US Treasuries lost further ground on Wednesday despite good demand for new government debt as concerns about stronger economic data ahead kept would-be buyers from dipping their toes in the market.
In when-issued trade, yields on the $26 billion of new two-year notes climbed as high as 2.35 percent, the highest level in one and a half years.
The notes were sold at a high yield of 2.27 percent and drew bids for 2.11 times the amount on offer, short of the 2.18 achieved at last month's auction but above the 1.90 average of 2003.

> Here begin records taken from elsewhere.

Lemma entails_safe_subst_m :
  Defs.closed (bad P) ->
  entails xi (fnot (bad (Pi_sound P phi))) -> entails psi (fnot (bad (Pi_w P phi))) ->
  entails (subst_m psi xi) (fnot (bad P)).
Proof.
move=> bad_closed xi_safe psi_safe M e /= /sat_subst_m_psi Hxi HB.
apply: (xi_safe _ _ Hxi) => /=; split; first exact/sat_expand_r_incl.
move=> d /sat_expand_r_incl Hphi Hm.
apply: (psi_safe _ _ Hm) => /=; split.
- by apply/sat_expand_c_incl; move/(sat_closed bad_closed): HB.
- by apply/sat_phi_w; move/(sat_bound1 phi_bound): Hphi.
Qed.

End Transfer.

Theorem lemmaA1 (S : vocab) (P : safety S) (phi : formula S)
    (xi : formula (vaddr S)) (psi : formula (vaddc S)) :
  is_safety P ->
  fbound 1 phi ->
  soundness_inv P phi xi ->
  safe_inv (Pi_w P phi) psi ->
  safe_inv P (subst_m psi xi).
Proof.
move=> [init_closed [trans_closed bad_closed]] phi_bound
  [xi_closed xi_init xi_trans xi_safe] [psi_closed psi_init psi_trans psi_safe].
split.
- exact: fbound_subst_m.
- exact: entails_init_subst_m phi_bound psi_closed init_closed xi_init psi_init.
- exact: entails_trans_subst_m phi_bound psi_closed trans_closed xi_trans psi_trans.
- exact: entails_safe_subst_m phi_bound psi_closed bad_closed xi_safe psi_safe.
Qed.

Indirect bidders, which include customers of primary dealers and foreign central banks, picked up 40.8 percent of the issue, or $10.60 billion.
That was just short of March's 43.5 percent, easing concerns that offshore central banks might cut back purchases of US debt.
"There seem to be all the elements of a good auction, the bid-to-cover ratio was solid, the yield was as expected and yields are not rising," said Tony Crescenzi, chief bond market strategist at Miller, Tabak & Co. "There are still lingering worries about lots of issues."
Perhaps most troublesome for bonds is the prospect that data on economic growth and jobs will continue to surpass expectations.
The current two-year note lost 7/32 in price, edging its yield up to 2.26 percent from 2.15 percent late Tuesday. Yields on the five-year note rose to 3.62 percent from 3.49 percent.
The benchmark 10-year note lost 28/32 in price, taking its yield to 4.50 percent - the highest closing level since September - from 4.39 percent.
The 30-year bond slid 1-7/32, lifting its yield to 5.29 percent from 5.20 percent.
Crescenzi said the market was also worried that China's renewed effort to prevent its economy from overheating could be accompanied by reduced demand for Treasuries from the Asian giant.
"There's some evidence that they may be shifting away from dollar reserves to other assets to try to diversify their reserves," Crescenzi said.
Traders also remained on the defensive ahead of Thursday's US gross domestic product report for the first quarter.
Analysts expect GDP growth to hit a whopping 5.0 percent annualised in the first quarter, up from 4.1 percent the quarter before, but forecasts stretch as high as 6.0 percent.